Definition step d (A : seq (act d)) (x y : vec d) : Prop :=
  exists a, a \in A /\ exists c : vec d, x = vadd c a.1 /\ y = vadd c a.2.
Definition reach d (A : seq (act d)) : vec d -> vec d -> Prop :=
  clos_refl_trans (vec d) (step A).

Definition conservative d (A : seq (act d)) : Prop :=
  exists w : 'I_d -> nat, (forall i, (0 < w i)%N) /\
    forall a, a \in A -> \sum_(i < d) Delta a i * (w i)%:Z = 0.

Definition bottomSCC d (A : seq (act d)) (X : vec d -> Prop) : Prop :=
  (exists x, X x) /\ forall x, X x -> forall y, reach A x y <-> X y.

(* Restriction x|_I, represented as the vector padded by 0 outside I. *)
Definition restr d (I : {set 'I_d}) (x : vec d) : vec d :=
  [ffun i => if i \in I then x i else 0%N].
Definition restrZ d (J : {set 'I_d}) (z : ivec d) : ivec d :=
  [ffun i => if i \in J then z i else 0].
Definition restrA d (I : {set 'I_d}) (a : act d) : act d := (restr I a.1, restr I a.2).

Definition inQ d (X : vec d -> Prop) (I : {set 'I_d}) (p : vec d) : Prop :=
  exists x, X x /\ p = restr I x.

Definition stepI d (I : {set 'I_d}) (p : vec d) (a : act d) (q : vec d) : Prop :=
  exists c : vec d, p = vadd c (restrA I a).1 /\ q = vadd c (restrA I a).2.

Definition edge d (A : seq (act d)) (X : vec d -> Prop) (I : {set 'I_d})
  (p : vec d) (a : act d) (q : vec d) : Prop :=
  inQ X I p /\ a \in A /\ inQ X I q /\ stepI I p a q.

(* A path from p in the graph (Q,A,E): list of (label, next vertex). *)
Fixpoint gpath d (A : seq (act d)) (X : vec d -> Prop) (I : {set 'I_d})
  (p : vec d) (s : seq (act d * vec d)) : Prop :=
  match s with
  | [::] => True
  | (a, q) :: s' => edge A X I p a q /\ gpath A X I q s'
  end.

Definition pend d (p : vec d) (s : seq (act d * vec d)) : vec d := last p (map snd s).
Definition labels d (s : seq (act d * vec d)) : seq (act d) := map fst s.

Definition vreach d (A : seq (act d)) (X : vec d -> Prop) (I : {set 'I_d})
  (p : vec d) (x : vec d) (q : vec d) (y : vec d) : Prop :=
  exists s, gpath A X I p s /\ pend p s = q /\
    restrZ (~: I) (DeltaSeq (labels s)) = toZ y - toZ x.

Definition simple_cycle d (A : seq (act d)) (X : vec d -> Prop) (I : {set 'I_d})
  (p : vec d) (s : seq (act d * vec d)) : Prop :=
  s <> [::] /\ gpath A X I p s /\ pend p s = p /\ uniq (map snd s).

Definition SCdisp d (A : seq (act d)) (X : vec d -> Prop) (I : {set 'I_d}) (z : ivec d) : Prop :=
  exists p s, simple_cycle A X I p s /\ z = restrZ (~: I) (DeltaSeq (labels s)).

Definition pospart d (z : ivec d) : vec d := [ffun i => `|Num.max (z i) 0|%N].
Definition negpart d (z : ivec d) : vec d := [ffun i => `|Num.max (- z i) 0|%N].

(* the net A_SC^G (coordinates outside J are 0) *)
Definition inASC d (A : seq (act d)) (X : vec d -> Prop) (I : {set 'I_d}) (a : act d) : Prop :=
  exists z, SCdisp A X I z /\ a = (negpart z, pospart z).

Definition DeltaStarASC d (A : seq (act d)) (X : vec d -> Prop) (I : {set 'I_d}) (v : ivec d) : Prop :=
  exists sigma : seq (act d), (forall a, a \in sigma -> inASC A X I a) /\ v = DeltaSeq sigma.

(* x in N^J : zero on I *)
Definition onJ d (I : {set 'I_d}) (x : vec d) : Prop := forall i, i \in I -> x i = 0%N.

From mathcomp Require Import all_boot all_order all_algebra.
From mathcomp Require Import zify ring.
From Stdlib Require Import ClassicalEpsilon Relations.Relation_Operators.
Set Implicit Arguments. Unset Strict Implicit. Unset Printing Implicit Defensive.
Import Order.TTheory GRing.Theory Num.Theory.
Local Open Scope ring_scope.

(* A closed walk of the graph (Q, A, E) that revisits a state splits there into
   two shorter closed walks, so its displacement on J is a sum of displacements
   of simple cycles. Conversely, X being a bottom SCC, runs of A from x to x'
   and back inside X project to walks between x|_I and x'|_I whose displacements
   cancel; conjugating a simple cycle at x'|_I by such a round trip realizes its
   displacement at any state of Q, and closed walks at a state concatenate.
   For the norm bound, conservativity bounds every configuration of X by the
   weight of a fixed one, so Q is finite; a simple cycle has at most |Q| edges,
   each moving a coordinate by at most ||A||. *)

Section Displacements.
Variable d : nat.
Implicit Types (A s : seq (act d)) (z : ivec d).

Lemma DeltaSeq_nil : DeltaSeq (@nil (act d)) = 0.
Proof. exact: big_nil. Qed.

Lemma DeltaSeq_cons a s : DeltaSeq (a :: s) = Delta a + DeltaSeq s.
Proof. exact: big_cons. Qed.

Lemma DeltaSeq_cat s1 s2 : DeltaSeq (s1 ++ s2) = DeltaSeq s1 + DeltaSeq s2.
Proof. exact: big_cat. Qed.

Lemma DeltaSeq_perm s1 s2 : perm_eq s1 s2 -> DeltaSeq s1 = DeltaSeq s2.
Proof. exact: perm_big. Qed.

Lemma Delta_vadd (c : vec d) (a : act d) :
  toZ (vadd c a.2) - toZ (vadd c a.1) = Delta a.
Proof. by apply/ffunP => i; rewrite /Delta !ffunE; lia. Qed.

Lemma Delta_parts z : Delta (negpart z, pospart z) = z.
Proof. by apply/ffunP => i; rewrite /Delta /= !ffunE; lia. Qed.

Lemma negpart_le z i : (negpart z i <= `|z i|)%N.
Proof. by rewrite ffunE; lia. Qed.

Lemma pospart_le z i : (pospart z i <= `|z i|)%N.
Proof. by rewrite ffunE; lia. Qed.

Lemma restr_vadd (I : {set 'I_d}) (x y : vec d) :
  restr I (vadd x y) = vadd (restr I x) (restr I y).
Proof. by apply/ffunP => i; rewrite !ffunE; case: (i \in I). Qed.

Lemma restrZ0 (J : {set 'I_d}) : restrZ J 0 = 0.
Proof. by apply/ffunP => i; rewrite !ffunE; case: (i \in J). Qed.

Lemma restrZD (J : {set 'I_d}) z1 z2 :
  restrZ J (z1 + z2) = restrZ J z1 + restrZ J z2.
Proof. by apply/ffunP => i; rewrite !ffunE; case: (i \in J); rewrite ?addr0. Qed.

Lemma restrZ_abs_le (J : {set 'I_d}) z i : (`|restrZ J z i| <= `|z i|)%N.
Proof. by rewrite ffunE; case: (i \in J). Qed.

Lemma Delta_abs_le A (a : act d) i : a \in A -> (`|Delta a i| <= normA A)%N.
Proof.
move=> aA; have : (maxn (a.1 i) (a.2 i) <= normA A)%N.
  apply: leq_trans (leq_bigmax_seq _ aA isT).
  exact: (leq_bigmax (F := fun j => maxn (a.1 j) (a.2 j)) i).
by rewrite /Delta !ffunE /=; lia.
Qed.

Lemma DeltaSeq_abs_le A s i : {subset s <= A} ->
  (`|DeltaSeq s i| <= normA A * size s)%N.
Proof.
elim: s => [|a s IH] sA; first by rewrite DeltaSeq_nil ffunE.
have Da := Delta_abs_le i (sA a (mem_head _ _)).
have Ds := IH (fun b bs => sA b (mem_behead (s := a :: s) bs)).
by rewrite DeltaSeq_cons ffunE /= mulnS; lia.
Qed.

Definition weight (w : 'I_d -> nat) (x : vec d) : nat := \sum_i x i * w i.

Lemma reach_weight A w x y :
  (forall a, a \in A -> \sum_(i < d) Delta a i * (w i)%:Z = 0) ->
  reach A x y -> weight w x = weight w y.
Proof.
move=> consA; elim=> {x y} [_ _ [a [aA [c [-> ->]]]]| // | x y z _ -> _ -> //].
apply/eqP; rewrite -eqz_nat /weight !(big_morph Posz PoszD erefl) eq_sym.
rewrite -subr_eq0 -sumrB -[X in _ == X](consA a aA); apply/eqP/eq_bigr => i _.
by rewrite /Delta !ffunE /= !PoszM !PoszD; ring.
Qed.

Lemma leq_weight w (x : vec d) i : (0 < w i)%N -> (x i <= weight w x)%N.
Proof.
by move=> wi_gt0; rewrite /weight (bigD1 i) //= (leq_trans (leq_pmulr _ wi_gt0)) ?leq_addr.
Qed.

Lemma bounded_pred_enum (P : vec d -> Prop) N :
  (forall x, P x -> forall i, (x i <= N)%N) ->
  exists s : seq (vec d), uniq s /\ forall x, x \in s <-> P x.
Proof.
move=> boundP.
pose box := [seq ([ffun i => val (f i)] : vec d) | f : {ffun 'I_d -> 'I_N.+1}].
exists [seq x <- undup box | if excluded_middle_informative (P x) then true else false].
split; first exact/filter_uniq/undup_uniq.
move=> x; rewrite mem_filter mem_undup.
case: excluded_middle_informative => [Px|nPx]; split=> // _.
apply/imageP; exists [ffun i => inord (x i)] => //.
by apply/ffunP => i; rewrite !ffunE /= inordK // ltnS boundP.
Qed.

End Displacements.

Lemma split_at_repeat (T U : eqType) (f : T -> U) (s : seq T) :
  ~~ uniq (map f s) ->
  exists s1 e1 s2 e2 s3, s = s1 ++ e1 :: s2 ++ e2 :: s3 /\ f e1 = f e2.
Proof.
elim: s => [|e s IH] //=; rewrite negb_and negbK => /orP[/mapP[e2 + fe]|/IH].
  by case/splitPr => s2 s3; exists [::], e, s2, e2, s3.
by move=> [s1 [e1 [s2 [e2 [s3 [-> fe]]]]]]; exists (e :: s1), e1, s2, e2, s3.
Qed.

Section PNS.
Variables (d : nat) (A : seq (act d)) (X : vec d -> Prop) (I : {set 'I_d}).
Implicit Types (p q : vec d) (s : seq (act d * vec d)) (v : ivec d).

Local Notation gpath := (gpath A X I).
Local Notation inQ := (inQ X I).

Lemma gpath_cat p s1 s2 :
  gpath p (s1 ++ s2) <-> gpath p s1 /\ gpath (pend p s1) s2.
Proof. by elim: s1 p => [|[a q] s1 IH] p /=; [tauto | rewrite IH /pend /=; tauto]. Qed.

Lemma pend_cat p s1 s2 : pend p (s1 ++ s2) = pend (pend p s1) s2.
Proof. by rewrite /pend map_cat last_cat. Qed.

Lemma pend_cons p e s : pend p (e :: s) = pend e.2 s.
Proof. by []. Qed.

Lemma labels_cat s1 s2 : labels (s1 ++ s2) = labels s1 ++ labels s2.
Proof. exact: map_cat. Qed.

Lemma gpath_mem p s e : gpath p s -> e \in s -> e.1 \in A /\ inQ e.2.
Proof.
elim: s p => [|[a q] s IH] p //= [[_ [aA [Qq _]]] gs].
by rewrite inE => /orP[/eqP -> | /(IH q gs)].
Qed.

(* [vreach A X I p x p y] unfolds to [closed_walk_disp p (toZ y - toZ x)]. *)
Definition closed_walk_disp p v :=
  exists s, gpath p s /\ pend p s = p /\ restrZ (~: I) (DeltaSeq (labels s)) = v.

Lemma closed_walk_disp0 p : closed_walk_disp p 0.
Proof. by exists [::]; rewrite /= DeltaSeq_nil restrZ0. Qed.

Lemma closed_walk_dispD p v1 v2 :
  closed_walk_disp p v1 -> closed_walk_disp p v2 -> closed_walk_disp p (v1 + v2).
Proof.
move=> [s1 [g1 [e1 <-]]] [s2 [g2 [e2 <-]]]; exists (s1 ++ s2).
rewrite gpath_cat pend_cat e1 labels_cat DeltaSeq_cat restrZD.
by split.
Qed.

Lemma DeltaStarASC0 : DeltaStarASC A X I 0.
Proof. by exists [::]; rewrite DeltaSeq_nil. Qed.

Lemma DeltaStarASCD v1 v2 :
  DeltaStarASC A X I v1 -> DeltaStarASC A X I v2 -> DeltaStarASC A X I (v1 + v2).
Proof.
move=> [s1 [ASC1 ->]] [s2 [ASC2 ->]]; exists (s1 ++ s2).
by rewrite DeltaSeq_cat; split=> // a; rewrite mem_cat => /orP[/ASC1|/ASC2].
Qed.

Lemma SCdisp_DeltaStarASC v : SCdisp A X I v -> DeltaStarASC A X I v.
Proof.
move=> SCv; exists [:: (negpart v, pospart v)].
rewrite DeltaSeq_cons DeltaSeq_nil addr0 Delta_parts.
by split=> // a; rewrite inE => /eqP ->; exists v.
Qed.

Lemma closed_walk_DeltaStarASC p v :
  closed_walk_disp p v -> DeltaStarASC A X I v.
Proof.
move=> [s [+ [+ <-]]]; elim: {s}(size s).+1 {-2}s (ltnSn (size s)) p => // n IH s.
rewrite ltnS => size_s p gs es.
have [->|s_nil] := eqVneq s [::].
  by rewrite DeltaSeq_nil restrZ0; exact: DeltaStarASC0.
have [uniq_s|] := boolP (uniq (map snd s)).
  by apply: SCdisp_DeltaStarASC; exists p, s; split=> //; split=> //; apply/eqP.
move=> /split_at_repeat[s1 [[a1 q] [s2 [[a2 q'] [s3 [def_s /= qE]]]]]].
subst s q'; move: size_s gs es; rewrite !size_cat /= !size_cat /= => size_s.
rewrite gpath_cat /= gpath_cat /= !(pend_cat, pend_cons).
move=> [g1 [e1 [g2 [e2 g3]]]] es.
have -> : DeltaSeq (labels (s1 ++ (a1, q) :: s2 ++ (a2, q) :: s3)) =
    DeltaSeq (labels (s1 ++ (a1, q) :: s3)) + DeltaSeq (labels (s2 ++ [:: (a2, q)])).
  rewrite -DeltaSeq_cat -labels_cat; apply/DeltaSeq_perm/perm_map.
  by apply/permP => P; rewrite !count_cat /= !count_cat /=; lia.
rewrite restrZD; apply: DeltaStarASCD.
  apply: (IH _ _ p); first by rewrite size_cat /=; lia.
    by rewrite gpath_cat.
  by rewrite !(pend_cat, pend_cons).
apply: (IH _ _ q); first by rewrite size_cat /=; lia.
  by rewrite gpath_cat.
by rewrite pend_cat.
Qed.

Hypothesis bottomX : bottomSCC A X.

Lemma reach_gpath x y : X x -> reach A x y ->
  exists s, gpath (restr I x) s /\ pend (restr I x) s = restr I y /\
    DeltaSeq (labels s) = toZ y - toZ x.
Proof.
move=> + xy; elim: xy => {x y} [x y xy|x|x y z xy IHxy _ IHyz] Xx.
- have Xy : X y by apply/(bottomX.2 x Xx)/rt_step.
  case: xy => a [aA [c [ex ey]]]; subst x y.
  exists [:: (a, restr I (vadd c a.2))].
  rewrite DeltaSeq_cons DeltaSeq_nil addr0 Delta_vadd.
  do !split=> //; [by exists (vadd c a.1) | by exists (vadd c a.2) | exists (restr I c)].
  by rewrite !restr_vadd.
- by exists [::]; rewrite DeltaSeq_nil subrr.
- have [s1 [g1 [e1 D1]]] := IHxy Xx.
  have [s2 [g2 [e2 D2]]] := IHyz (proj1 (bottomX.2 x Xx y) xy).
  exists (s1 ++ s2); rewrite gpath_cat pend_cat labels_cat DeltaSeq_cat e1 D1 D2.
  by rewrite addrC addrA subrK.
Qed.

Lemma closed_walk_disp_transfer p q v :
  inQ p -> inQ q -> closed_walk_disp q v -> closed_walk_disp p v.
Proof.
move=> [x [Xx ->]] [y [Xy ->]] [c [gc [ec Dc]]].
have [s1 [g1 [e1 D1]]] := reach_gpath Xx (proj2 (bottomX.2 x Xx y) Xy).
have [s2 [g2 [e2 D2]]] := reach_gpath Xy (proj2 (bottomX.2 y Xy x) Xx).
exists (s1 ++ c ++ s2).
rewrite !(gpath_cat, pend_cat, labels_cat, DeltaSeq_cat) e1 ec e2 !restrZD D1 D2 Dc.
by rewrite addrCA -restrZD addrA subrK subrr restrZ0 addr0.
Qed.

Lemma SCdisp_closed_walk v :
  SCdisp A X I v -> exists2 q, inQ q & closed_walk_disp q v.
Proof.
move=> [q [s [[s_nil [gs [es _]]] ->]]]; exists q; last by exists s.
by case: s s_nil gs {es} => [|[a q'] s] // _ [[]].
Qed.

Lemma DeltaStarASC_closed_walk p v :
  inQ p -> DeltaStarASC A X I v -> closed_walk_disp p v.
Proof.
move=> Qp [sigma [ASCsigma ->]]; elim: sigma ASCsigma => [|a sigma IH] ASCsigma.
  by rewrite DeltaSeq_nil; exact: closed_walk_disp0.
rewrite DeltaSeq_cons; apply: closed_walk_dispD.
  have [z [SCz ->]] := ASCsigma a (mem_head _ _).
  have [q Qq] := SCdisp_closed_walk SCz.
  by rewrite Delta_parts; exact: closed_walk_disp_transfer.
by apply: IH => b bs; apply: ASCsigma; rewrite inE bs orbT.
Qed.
#####
| YOUR OBJECTIVE |
Filter the records above down to the lines that hold the string "stepI".

| ANSWER TO THE PROBLEM |
Definition stepI d (I : {set 'I_d}) (p : vec d) (a : act d) (q : vec d) : Prop :=
  inQ X I p /\ a \in A /\ inQ X I q /\ stepI I p a q.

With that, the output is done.